* [PROBLEM REQUIREMENTS]:
Look below for the line that contains "(A \subset b |: S) &&", then copy it and each following line exactly, through and including the line that contains "Variables (R : comNzRingType)".

* [SOURCE DATA]:

(* Let $0<q<1$ and $p\ge1$. On the spin chain with sites $-p+\tfrac12,\dots,p-\tfrac12$, consider the probability measure on $p$-element sets of down-spin positions $y_1>y_2>\dots>y_p$ given by $$\mathbb P(y_1,\dots,y_p)=\frac{q^{2\sum_{i=1}^p y_i}}{\sum_{y'_1>\dots>y'_p}q^{2\sum_i y'_i}}$$ (the squared amplitudes of the normalized ground state $\sum q^{\sum_i y_i}\Omega(y_1,\dots,y_p)$ of the half-filled sector). For $1\le l\le p$ and $0\le\delta\le p$ let $P(l,\delta)$ be the probability that $y_l=\delta-l+\tfrac12$. Then $$P(l,\delta)=q^{2l\delta}\,\frac{\begin{bmatrix}p+\delta-l\\ \delta\end{bmatrix}_{q^2}\begin{bmatrix}p-\delta+l-1\\ l-1\end{bmatrix}_{q^2}}{\begin{bmatrix}2p\\ p\end{bmatrix}_{q^2}},$$ and, for fixed $l\ge1,\delta\ge0$, as $p\to\infty$, $$P(l,\delta)\to q^{2l\delta}\frac{(q^2;q^2)_\infty}{(q^2;q^2)_{l-1}(q^2;q^2)_\delta}.$$
   Context: $\begin{bmatrix}n\\k\end{bmatrix}_{q^2}$ denotes the Gaussian binomial coefficient in base $q^2$ (zero if $k<0$ or $k>n$), and $(a;q^2)_k=\prod_{j=0}^{k-1}(1-aq^{2j})$, $(a;q^2)_\infty=\prod_{j\ge0}(1-aq^{2j})$. *)

From HB Require Import structures.
From mathcomp Require Import all_boot all_order all_algebra.
From mathcomp Require Import all_classical all_reals all_analysis.
Set Implicit Arguments. Unset Strict Implicit. Unset Printing Implicit Defensive.
Import Order.TTheory GRing.Theory Num.Theory numFieldNormedType.Exports.
Local Open Scope ring_scope.

Definition qpoch {R : comNzRingType} (a x : R) (k : nat) : R :=
  \prod_(j < k) (1 - a * x ^+ j).

Definition qpoch_inf {R : realType} (a x : R) : R :=
  limn (fun k : nat => (qpoch a x k : R^o)).

Definition qbinom {R : fieldType} (x : R) (n k : nat) : R :=
  if (k <= n)%N then qpoch x x n / (qpoch x x k * qpoch x x (n - k))
  else 0.

(* Sites of the chain of length 2p: site i : 'I_(2p) sits at position
   i - p + 1/2, so positions run over -p+1/2, ..., p-1/2. *)
Definition site_pos {R : fieldType} (p i : nat) : R := i%:R - p%:R + 2^-1.

(* 2 * (sum of positions of the down spins in A), an integer. *)
Definition twice_pos_sum (p : nat) (A : {set 'I_(2 * p)}) : int :=
  \sum_(i in A) ((2 * i)%:Z - (2 * p)%:Z + 1).

Definition weight {R : fieldType} (q : R) (p : nat) (A : {set 'I_(2 * p)}) : R :=
  q ^ twice_pos_sum A.

Definition sorted_sites (p : nat) (A : {set 'I_(2 * p)}) : seq nat :=
  sort (fun a b => b <= a)%N [seq val i | i <- enum A].

Definition y_pos {R : fieldType} (p : nat) (A : {set 'I_(2 * p)}) (l : nat) : R :=
  site_pos p (nth 0%N (sorted_sites A) l.-1).

Definition Pld {R : realType} (q : R) (p l delta : nat) : R :=
  (\sum_(A : {set 'I_(2 * p)} | (#|A| == p) && (y_pos (R:=R) A l == delta%:R - l%:R + 2^-1))
      weight q A)
  / (\sum_(A : {set 'I_(2 * p)} | #|A| == p) weight q A).

From mathcomp Require Import all_classical all_reals all_analysis.
(* After the analysis library, so that finset's [subsetP], [set0], ... shadow their
   classical_sets homonyms. *)
From mathcomp Require Import all_boot all_order all_algebra.
From mathcomp Require Import ring lra zify.
Set Implicit Arguments.
Unset Strict Implicit.
Unset Printing Implicit Defensive.
Import Order.TTheory GRing.Theory Num.Theory numFieldNormedType.Exports.
Local Open Scope ring_scope.

(* Number the sites 0, ..., 2p-1, so that site i sits at y = i - p + 1/2 and, with x = q^2,
   the weight q^(2 sum y) of a configuration A is x^(sum of A) up to a factor depending only
   on p.  The event y_l = delta - l + 1/2 says that site m = p + delta - l is occupied, with
   l - 1 occupied sites above m and p - l below.  Summing x^(sum of A) over such A factors
   into two elementary symmetric functions of consecutive powers of x, and
   e_k(x^a, ..., x^(b-1)) = x^(k a + C(k,2)) [b-a, k]_x by q-Pascal; this gives the exact
   formula.  In terms of Pochhammer symbols, P(l, delta) is a constant times (x;x)_p
   times three ratios (x;x)_n / (x;x)_k (one of them inverted) with n >= k >= p - c;
   such a ratio lies between 1 - x^k / (1 - x) and 1, so it tends to 1. *)

Lemma qpochS (R : comNzRingType) (a x : R) n :
  qpoch a x n.+1 = qpoch a x n * (1 - a * x ^+ n).
Proof. by rewrite /qpoch big_ord_recr. Qed.

Lemma qpoch0 (R : comNzRingType) (a x : R) : qpoch a x 0 = 1.
Proof. by rewrite /qpoch big_ord0. Qed.

Lemma qpochD (R : comNzRingType) (a x : R) m n :
  qpoch a x (m + n) = qpoch a x m * \prod_(i < n) (1 - a * x ^+ (m + i)).
Proof. by rewrite /qpoch big_split_ord. Qed.

Lemma qbinomE (R : fieldType) (x : R) n k : (k <= n)%N ->
  qbinom x n k = qpoch x x n / (qpoch x x k * qpoch x x (n - k)).
Proof. by rewrite /qbinom => ->. Qed.

Lemma qbinom_gtn (R : fieldType) (x : R) n k : (n < k)%N -> qbinom x n k = 0.
Proof. by rewrite /qbinom ltnNge => /negbTE ->. Qed.

Lemma qbinom_sym (R : fieldType) (x : R) n k : (k <= n)%N ->
  qbinom x n k = qbinom x n (n - k).
Proof. by move=> kn; rewrite !qbinomE ?leq_subr // subKn // [_ * qpoch _ _ k]mulrC. Qed.

Section QBinomial.
Variables (R : realFieldType) (x : R).
Hypotheses (x_gt0 : 0 < x) (x_lt1 : x < 1).

Lemma qpoch_factor_gt0 n : 0 < 1 - x * x ^+ n.
Proof. by rewrite subr_gt0 -exprS exprn_ilt1 // ltW. Qed.

Lemma qpoch_gt0 n : 0 < qpoch x x n.
Proof.
by elim: n => [|n IHn]; rewrite ?qpoch0 // qpochS mulr_gt0 ?qpoch_factor_gt0.
Qed.

Lemma qbinom_gt0 n k : (k <= n)%N -> 0 < qbinom x n k.
Proof. by move=> kn; rewrite qbinomE // divr_gt0 ?mulr_gt0 ?qpoch_gt0. Qed.

Lemma qbinomn0 n : qbinom x n 0 = 1.
Proof. by rewrite qbinomE // qpoch0 mul1r subn0 divff // gt_eqF ?qpoch_gt0. Qed.

Lemma qbinomnn n : qbinom x n n = 1.
Proof. by rewrite qbinom_sym // subnn qbinomn0. Qed.

Lemma qbinom_pascal n k :
  qbinom x n.+1 k.+1 = qbinom x n k.+1 + x ^+ (n - k) * qbinom x n k.
Proof.
have [kn|] := ltnP k n; last first.
  rewrite leq_eqVlt => /orP[/eqP->|nk]; last by rewrite !qbinom_gtn ?mulr0 ?addr0 // ltnW.
  by rewrite !qbinomnn qbinom_gtn // subnn add0r mul1r.
have [d ->] : exists d, n = (k + d).+1 by exists (n - k.+1)%N; lia.
rewrite !qbinomE; [|lia..].
have -> : ((k + d).+2 - k.+1 = d.+1)%N by lia.
have -> : ((k + d).+1 - k.+1 = d)%N by lia.
have -> : ((k + d).+1 - k = d.+1)%N by lia.
rewrite !qpochS.
rewrite [x ^+ (k + d).+1]exprS exprD [x ^+ d.+1]exprS.
by field; rewrite !gt_eqF ?qpoch_gt0 ?qpoch_factor_gt0.
Qed.

End QBinomial.


Lemma subsetU1_notin (T : finType) (b : T) (A S : {set T}) : b \notin S ->
  b \notin A -> (A \subset b |: S) = (A \subset S).
Proof. by move=> bS bA; rewrite -[in RHS](setU1K bS) subsetD1 bA andbT. Qed.

Lemma sum_subsetU1 (R : nmodType) (T : finType) (b : T) (S : {set T})
    (P : pred {set T}) (F : {set T} -> R) : b \notin S ->
  \sum_(A : {set T} | (A \subset b |: S) && P A) F A =
  \sum_(A : {set T} | (A \subset S) && P A) F A
  + \sum_(A : {set T} | (A \subset S) && P (b |: A)) F (b |: A).
Proof.
move=> bS; rewrite (bigID (fun A : {set T} => b \in A)) /= addrC; congr (_ + _).
  apply: eq_bigl => A; have [bA|bA] /= := boolP (b \in A); last first.
    by rewrite andbT subsetU1_notin.
  by rewrite andbF; symmetry; apply: contraNF bS => /andP[/subsetP/(_ b bA)].
rewrite (reindex_onto (fun A => b |: A) (fun A => A :\ b)) /=; last first.
  by move=> A /andP[_ bA]; rewrite setD1K.
apply: eq_bigl => A; rewrite setU11 andbT.
have [bA|bA] := boolP (b \in A); last first.
  by rewrite setU1K // eqxx andbT subUset sub1set setU11 subsetU1_notin.
have -> : ((b |: A) :\ b == A) = false by apply: contraTF bA => /eqP <-; rewrite setD11.
by rewrite andbF; symmetry; apply: contraNF bS => /andP[/subsetP/(_ b bA)].
Qed.

Lemma sum_subsetU (R : nmodType) (T : finType) (L U : {set T})
    (P Q : pred {set T}) (F : {set T} -> R) : [disjoint L & U] ->
  \sum_(A : {set T} | (A \subset L :|: U) && P (A :&: L) && Q (A :&: U)) F A =
  \sum_(B : {set T} | (B \subset L) && P B)
    \sum_(C : {set T} | (C \subset U) && Q C) F (B :|: C).
Proof.
move=> dLU; rewrite pair_big /=.
rewrite (reindex_onto (fun BC => BC.1 :|: BC.2) (fun A => (A :&: L, A :&: U))) /=;
  last by move=> A /andP[/andP[sA _] _]; rewrite -setIUr; apply/setIidPl.
apply: eq_bigl => -[B C] /=.
have [/andP[sBL sCU]|nBC] := boolP ((B \subset L) && (C \subset U)).
  have eL : (B :|: C) :&: L = B.
    rewrite setIUl (setIidPl sBL) (disjoint_setI0 (disjointWl sCU _)) ?setU0 //.
    by rewrite disjoint_sym.
  have eU : (B :|: C) :&: U = C.
    by rewrite setIUl (setIidPl sCU) (disjoint_setI0 (disjointWl sBL dLU)) set0U.
  by rewrite eL eU setUSS // eqxx sBL sCU /= andbT.
have -> : (((B :|: C) :&: L, (B :|: C) :&: U) == (B, C)) = false.
  by apply: contraNF nBC; rewrite xpair_eqE => /andP[/eqP <- /eqP <-]; rewrite !subsetIr.
by rewrite andbF andbACA (negbTE nBC).
Qed.

Section PowerSums.
Variables (R : comNzRingType) (x : R) (N : nat).

Definition powsum (A : {set 'I_N}) : R := x ^+ (\sum_(i in A) i).

Definition ord_range a b : {set 'I_N} := [set i : 'I_N | a <= i < b]%N.

Definition esym_range a b k : R :=
  \sum_(A : {set 'I_N} | (A \subset ord_range a b) && (#|A| == k)) powsum A.

Lemma powsumU (A B : {set 'I_N}) :
  [disjoint A & B] -> powsum (A :|: B) = powsum A * powsum B.
Proof.
move=> dAB; rewrite /powsum -exprD (eq_bigl [predU A & B]) ?bigU // => i.
by rewrite !inE.
Qed.

Lemma powsumU1 (i : 'I_N) (A : {set 'I_N}) :
  i \notin A -> powsum (i |: A) = x ^+ i * powsum A.
Proof. by move=> iA; rewrite /powsum big_setU1 // exprD. Qed.

Lemma esym_range0 a b : esym_range a b 0 = 1.
Proof.
rewrite /esym_range (eq_bigl (pred1 set0)) ?big_pred1_eq /powsum ?big_set0 // => A /=.
by rewrite cards_eq0 andbC; case: eqP => // ->; rewrite sub0set.
Qed.

Lemma esym_range_nil a k : esym_range a a k.+1 = 0.
Proof.
rewrite /esym_range; have -> : ord_range a a = set0 by apply/setP => i; rewrite !inE; lia.
by rewrite big_pred0 // => A; rewrite subset0; case: eqP => // ->; rewrite cards0.
Qed.

Lemma esym_rangeS a b k : (a <= b < N)%N ->
  esym_range a b.+1 k.+1 = esym_range a b k.+1 + x ^+ b * esym_range a b k.
Proof.
case/andP=> ab bN; set b' := Ordinal bN.
have b'S : b' \notin ord_range a b by rewrite inE /=; lia.
have b'A (A : {set 'I_N}) : A \subset ord_range a b -> b' \notin A.
  by move=> sA; apply: contra b'S => /(subsetP sA).
rewrite /esym_range.
have -> : ord_range a b.+1 = b' |: ord_range a b.
  by apply/setP => i; rewrite !inE -val_eqE /=; lia.
rewrite sum_subsetU1 // mulr_sumr; congr (_ + _).
apply: eq_big => A; first by apply: andb_id2l => /b'A bA; rewrite cardsU1 bA.
by case/andP=> /b'A bA _; rewrite powsumU1.
Qed.

Lemma sum_powsum_pivot (m : 'I_N) j r :
  \sum_(A : {set 'I_N} | (#|A| == (j + r).+1) && (m \in A)
                         && (#|[set i in A | m < i]%N| == r)) powsum A
  = x ^+ m * (esym_range 0 m j * esym_range m.+1 N r).
Proof.
set L := ord_range 0 m; set U := ord_range m.+1 N.
have dLU : [disjoint L & U].
  by rewrite -setI_eq0; apply/eqP/setP => i; rewrite !inE; lia.
have LU : L :|: U = [set~ m].
  by apply/setP => i; rewrite !inE -val_eqE /=; have := ltn_ord i; lia.
have above (A : {set 'I_N}) : [set i in A | m < i]%N = A :&: U.
  by apply/setP => i; rewrite !inE (ltn_ord i) andbT.
have cardLU (A : {set 'I_N}) : A \subset L :|: U -> #|A| = (#|A :&: L| + #|A :&: U|)%N.
  move=> sA; rewrite -[in LHS](setIidPl sA) setIUr -cardsUI.
  by rewrite setIACA (disjoint_setI0 dLU) setI0 cards0 addn0.
transitivity (\sum_(A : {set 'I_N} | (A \subset m |: (L :|: U))
    && [&& #|A| == (j + r).+1, m \in A & #|A :&: U| == r]) powsum A).
  by apply: eq_bigl => A; rewrite LU setUCr subsetT above /= andbA.
rewrite (@sum_subsetU1 _ _ m _
    (fun A => [&& #|A| == (j + r).+1, m \in A & #|A :&: U| == r])); last first.
  by rewrite LU !inE eqxx.
rewrite big_pred0 ?add0r; last first.
  by move=> A; rewrite LU subsetC sub1set inE; case: (m \in A); rewrite /= ?andbF.
transitivity (x ^+ m * \sum_(A : {set 'I_N} | (A \subset L :|: U)
    && (#|A :&: L| == j) && (#|A :&: U| == r)) powsum A).
  have mA (A : {set 'I_N}) : A \subset L :|: U -> m \notin A.
    by rewrite LU subsetC sub1set inE.
  rewrite mulr_sumr; apply: eq_big => A; last by case/andP=> /mA mA' _; rewrite powsumU1.
  rewrite -andbA; apply: andb_id2l => sA.
  have -> : (m |: A) :&: U = A :&: U.
    by apply/setP => i; rewrite !inE -val_eqE /=; case: (i \in A); lia.
  rewrite cardsU1 (mA _ sA) add1n eqSS (cardLU _ sA) setU11.
  by case: (#|A :&: U| =P r) => [->|]; rewrite ?andbF // eqn_add2r.
congr (_ * _).
rewrite (@sum_subsetU _ _ L U (fun B => #|B| == j) (fun C => #|C| == r)) //.
rewrite /esym_range mulr_suml; apply: eq_bigr => B /andP[sB _].
rewrite mulr_sumr; apply: eq_bigr => C /andP[sC _].
by rewrite powsumU // (disjointW sB sC dLU).
Qed.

* [ANSWER BOX]:
  \sum_(A : {set T} | (A \subset b |: S) && P A) F A =
  \sum_(A : {set T} | (A \subset S) && P A) F A
  + \sum_(A : {set T} | (A \subset S) && P (b |: A)) F (b |: A).
Proof.
move=> bS; rewrite (bigID (fun A : {set T} => b \in A)) /= addrC; congr (_ + _).
  apply: eq_bigl => A; have [bA|bA] /= := boolP (b \in A); last first.
    by rewrite andbT subsetU1_notin.
  by rewrite andbF; symmetry; apply: contraNF bS => /andP[/subsetP/(_ b bA)].
rewrite (reindex_onto (fun A => b |: A) (fun A => A :\ b)) /=; last first.
  by move=> A /andP[_ bA]; rewrite setD1K.
apply: eq_bigl => A; rewrite setU11 andbT.
have [bA|bA] := boolP (b \in A); last first.
  by rewrite setU1K // eqxx andbT subUset sub1set setU11 subsetU1_notin.
have -> : ((b |: A) :\ b == A) = false by apply: contraTF bA => /eqP <-; rewrite setD11.
by rewrite andbF; symmetry; apply: contraNF bS => /andP[/subsetP/(_ b bA)].
Qed.

Lemma sum_subsetU (R : nmodType) (T : finType) (L U : {set T})
    (P Q : pred {set T}) (F : {set T} -> R) : [disjoint L & U] ->
  \sum_(A : {set T} | (A \subset L :|: U) && P (A :&: L) && Q (A :&: U)) F A =
  \sum_(B : {set T} | (B \subset L) && P B)
    \sum_(C : {set T} | (C \subset U) && Q C) F (B :|: C).
Proof.
move=> dLU; rewrite pair_big /=.
rewrite (reindex_onto (fun BC => BC.1 :|: BC.2) (fun A => (A :&: L, A :&: U))) /=;
  last by move=> A /andP[/andP[sA _] _]; rewrite -setIUr; apply/setIidPl.
apply: eq_bigl => -[B C] /=.
have [/andP[sBL sCU]|nBC] := boolP ((B \subset L) && (C \subset U)).
  have eL : (B :|: C) :&: L = B.
    rewrite setIUl (setIidPl sBL) (disjoint_setI0 (disjointWl sCU _)) ?setU0 //.
    by rewrite disjoint_sym.
  have eU : (B :|: C) :&: U = C.
    by rewrite setIUl (setIidPl sCU) (disjoint_setI0 (disjointWl sBL dLU)) set0U.
  by rewrite eL eU setUSS // eqxx sBL sCU /= andbT.
have -> : (((B :|: C) :&: L, (B :|: C) :&: U) == (B, C)) = false.
  by apply: contraNF nBC; rewrite xpair_eqE => /andP[/eqP <- /eqP <-]; rewrite !subsetIr.
by rewrite andbF andbACA (negbTE nBC).
Qed.

Section PowerSums.
Variables (R : comNzRingType) (x : R) (N : nat).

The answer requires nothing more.